What is missing is an honest conversation about what the tools we call tests and standards were actually designed to do. Were they designed to foment excellence or were they designed for some other purpose? And if they were designed for some other purpose and we adopt them and don't see the excellence we want, wouldn't it behoove us to lift the hood and see if somehow we have a mismatch?

What you've identified in your work is evidence of the mismatch. Our standards consist of hundreds of behavioral statements whose design is to control and constrain, and our tests are designed to give us an empirical reflection of the status quo so we can see where we fit. Slavish adherence to those two things risks constraining the system of education and repeating the status quo from one year to the next, rather than moving ahead of it. What your analysis suggests is that the system as it is constituted is performing perfectly against its design. That's why the gaps continue and why so little seems to change from one year to the next.

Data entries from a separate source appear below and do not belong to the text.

(* Let $K$ be a nonempty simplex in a topological vector space $F$ and let $T:K\to 2^{K}$ be a *-weakly naturally quasiconvex correspondence. Then there exists $x^*\in K$ such that $x^*\in\overline{T}(x^* )$.
   Context: A simplex is the convex hull of a finite affinely independent set. For $T:X\to 2^Y$: $\mathrm{Gr}(T)=\{(x,y):y\in T(x)\}$; $\overline{T}(x)=\{y\in Y:(x,y)\in\mathrm{cl}_{X\times Y}\mathrm{Gr}(T)\}$; for $V\subset F$, $T_V(x)=(T(x)+V)\cap Y$. $\Delta_{n-1}=\{(\lambda_1,\dots,\lambda_n)\in\mathbb{R}^n:\sum_i\lambda_i=1,\ \lambda_i\ge 0\}$. Weakly naturally quasiconvex (WNQ): let $X,Y$ be nonempty convex subsets of topological vector spaces. A correspondence $T:X\to 2^{Y}$ is weakly naturally quasiconvex if for each $n\in\mathbb{N}$ and each finite set $\{x_1,\dots,x_n\}\subset X$ there exist $y_i\in T(x_i)$ ($i=1,\dots,n$) and a bijection $g:\Delta_{n-1}\to\Delta_{n-1}$ (depending on $x_1,\dots,x_n$) of the form $g(\lambda_1,\dots,\lambda_n)=(g_1(\lambda_1),\dots,g_n(\lambda_n))$, where each $g_i:[0,1]\to[0,1]$ is continuous with $g_i(0)=0$ and $g_i(1)=1$, such that for every $(\lambda_1,\dots,\lambda_n)\in\Delta_{n-1}$ we have $\sum_{i=1}^n g_i(\lambda_i)y_i\in T\big(\sum_{i=1}^n\lambda_i x_i\big)$. *-weakly naturally quasiconvex: $T:X\to 2^Y$, $Y\subset F$, is *-weakly naturally quasiconvex if for each neighborhood $V$ of the origin in $F$ the correspondence $T_V$ is weakly naturally quasiconvex. *)

From Stdlib Require Import Reals.
Open Scope R_scope.
Set Implicit Arguments.

(** No Hausdorff axiom. *)
Structure TVS : Type := {
  vcar :> Type;
  vzero : vcar;
  vadd : vcar -> vcar -> vcar;
  vopp : vcar -> vcar;
  vscal : R -> vcar -> vcar;
  vadd_assoc : forall x y z, vadd x (vadd y z) = vadd (vadd x y) z;
  vadd_comm : forall x y, vadd x y = vadd y x;
  vadd_zero : forall x, vadd x vzero = x;
  vadd_opp : forall x, vadd x (vopp x) = vzero;
  vscal_one : forall x, vscal 1 x = x;
  vscal_assoc : forall a b x, vscal a (vscal b x) = vscal (a * b) x;
  vscal_distr_v : forall a x y, vscal a (vadd x y) = vadd (vscal a x) (vscal a y);
  vscal_distr_r : forall a b x, vscal (a + b) x = vadd (vscal a x) (vscal b x);
  vopen : (vcar -> Prop) -> Prop;
  vopen_full : vopen (fun _ => True);
  vopen_inter : forall U W, vopen U -> vopen W -> vopen (fun x => U x /\ W x);
  vopen_union : forall (I : Type) (U : I -> vcar -> Prop),
      (forall i, vopen (U i)) -> vopen (fun x => exists i, U i x);
  vadd_cont : forall x y (U : vcar -> Prop), vopen U -> U (vadd x y) ->
      exists V W, vopen V /\ V x /\ vopen W /\ W y /\
        forall x' y', V x' -> W y' -> U (vadd x' y');
  vscal_cont : forall t x (U : vcar -> Prop), vopen U -> U (vscal t x) ->
      exists d V, 0 < d /\ vopen V /\ V x /\
        forall t' x', Rabs (t' - t) < d -> V x' -> U (vscal t' x')
}.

I don't want to stick my neck out too far on suggesting why the whole system seems so stagnant compared to previous iterations of the standards and exams, but one major policy change is likely contributing: the inclusion of test scores in teacher evaluations. Teachers who are told that the test is the basis for their evaluation are much more likely to limit their teaching to the test, making it much more likely that they will merely repeat the status quo from one year to the next. I'd be interested to see the correlation between tying test scores to teacher evaluation to see if that hypothesis holds, but I'll bet it does.

Bottom line is that if excellence is the goal we need a profoundly different system than the one in which we work. My work shows that excellence was never even included in the present system and yet our policies insist that teachers adhere slavishly to the present system. The contradictions in that are huge: teachers are told to foment excellence and adhere to the system, but you can't do both.

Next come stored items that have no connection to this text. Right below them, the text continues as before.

Lemma k_le_num_accepted n : k n <= num_accepted step n Start.
Proof.
pose accepted (u : n.-tuple letter) := accepts step Start u.
pose size_fst (u : n.-tuple letter) := size (decode u).1.
apply: leq_trans (sum_card_fibres_le accepted size_fst n.+1).
apply: leq_sum => m _; set good := (X in #|X| <= _).
have le_mn : m <= n by rewrite -ltnS.
pose enc (p : m.-tuple letter * (n - m).-tuple letter) : n.-tuple letter :=
  insubd (nseq_tuple n A) (encode p.1 p.2).
have encE p : p \in good -> [/\ val (enc p) = encode p.1 p.2, good_pair p.1 p.2 &
                                decode (encode p.1 p.2) = (tval p.1, tval p.2)].
  rewrite inE => good_p; have /and5P [headA_w headA_z /eqP count_A _ _] := good_p.
  by rewrite val_insubd size_encode // !size_tuple subnKC // eqxx decode_encode.
rewrite -(card_in_imset (f := enc)).
  apply/subset_leq_card/subsetP => _ /imsetP [p good_p ->].
  have [enc_p good_pair_p dec_p] := encE p good_p.
  by rewrite inE /accepted /size_fst enc_p good_pair_accepted // dec_p size_tuple eqxx.
move=> [w1 z1] [w2 z2] /encE [enc1 _ dec1] /encE [enc2 _ dec2] /(congr1 val).
rewrite enc1 enc2 => /(congr1 decode).
by rewrite dec1 dec2 /= => -[/val_inj-> /val_inj->].
Qed.

Import Order.TTheory GRing.Theory Num.Theory.
Local Open Scope ring_scope.

Theorem corollary4p3 (R : realType) :
  exists c : R, forall n : nat, (2 <= n)%N ->
    (k n)%:R <= c * (370672%:R / 100000%:R) ^+ n.
Proof.
exists (weight Start)%:R => n _.
have bound : (k n * 100000 ^ n <= weight Start * 370672 ^ n)%N.
  apply: leq_trans (num_accepted_le weight_gt0 weight_contracts n Start).
  by rewrite leq_mul2r k_le_num_accepted orbT.
have pos : 0 < (100000%:R : R) ^+ n by rewrite exprn_gt0 ?ltr0n.
rewrite expr_div_n mulrA (ler_pdivlMr _ _ pos).
rewrite -[X in _ * X <= _]natrX -[X in _ <= _ * X]natrX.
rewrite -[X in X <= _]natrM -[X in _ <= X]natrM ler_nat.
exact: bound.
Qed.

Here's where that leaves us: the more we hold teacher's feet to the fire for test scores, the more likely we are to see the stagnation continue, and the more likely we are to blame teachers for the problem. The hope I see in that is that we gave teachers a lousy definition of success and insisted at the expense of their livlihood they get there and to a large degree they've done it. What teachers are hungry for is a proper definition of success, one worthy of actually standing as a goal. Where I'm hopeful is that I truly believe teachers are capable of meeting whatever definition of success we place in front of them, and now its up to us to offer them a new and improved definition, one actually in line with the goals of education.

If building codes were built by the same people who make educational policy...

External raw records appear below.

Lemma inB_rel x y : amalg_rel (inB x) (inB y) <-> rel B x y.
Proof.
  split; [|apply amalg_relB].
  intro H. remember (inB x) as u eqn:Hu. remember (inB y) as v eqn:Hv.
  destruct H as [x' y' H|x' y' H|x' c y' Hc H1 H2|y' c x' Hc H1 H2].
  - apply inA_eq_inB in Hu as [c [<- <-]]. apply inA_eq_inB in Hv as [d [<- <-]].
    apply rel_eA_eB, H.
  - rewrite <- (inB_inj Hu), <- (inB_inj Hv). exact H.
  - rewrite <- (inB_inj Hv). apply inA_eq_inB in Hu as [d [<- <-]].
    apply (transB Hc _ (eB c)); [apply rel_eA_eB, H1|exact H2].
  - rewrite <- (inB_inj Hu). apply inA_eq_inB in Hv as [d [<- <-]].
    apply (transB Hc _ _ _ H1), rel_eA_eB, H2.
Qed.

Lemma inA_embedding : @embedding I A amalg inA.
Proof.
  split; [intros x y; apply inA_inj|split; [|reflexivity]].
  intros x y. symmetry. apply inA_rel.
Qed.

Lemma inB_embedding : @embedding I B amalg inB.
Proof.
  split; [intros x y; apply inB_inj|split].
  - intros x y. symmetry. apply inB_rel.
  - intros i x. symmetry. apply amalg_op_inB.
Qed.

Lemma amalg_rel_inA_inB a b : (forall c, eA c <> a) -> (forall c, eB c <> b) ->
  amalg_rel (inA a) (inB b) -> exists c, rel A a (eA c) /\ rel B (eB c) b.
Proof.
  intros Na Nb H. remember (inA a) as u eqn:Hu. remember (inB b) as v eqn:Hv.
  destruct H as [x y H|x y H|x c y Hc H1 H2|y c x Hc H1 H2].
  - apply inA_eq_inB in Hv as [c [_ E]]. destruct (Nb c E).
  - apply eq_sym, inA_eq_inB in Hu as [c [E _]]. destruct (Na c E).
  - rewrite <- (inA_inj Hu), <- (inB_inj Hv). eauto.
  - apply eq_sym, inA_eq_inB in Hu as [d [E _]]. destruct (Na d E).
Qed.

I find it unremarkable and simply a given that when establishing policy in virtually every professional field: medicine, engineering, construction, etc., policy makers and regulators turn to experts who understand the field. This helps ensure that the technical components are properly addressed and in turn helps ensure that the policies will have the desired effects.

I wish policy makers would offer the same courtesy to the field of education.

The lone qualification for someone to make education policy in this country is the completion of a high school education, as if having been in a school imparts expertise. I walk through buildings every day and yet that in no way qualifies me to build them. I go to my doctor when I'm sick but that doesn't qualify me to practice medicine. I use a computer but that doesn't qualify me to write code.

But education seems to be different, treated as something any idiot can understand, and so no expertise is required to write the laws that will govern one of the most critical components of our society.

The analogy I want to make is this: if our building codes were given the same professional courtesy as our education policy we'd be lucky when a building doesn't fall down. That is worth thinking about.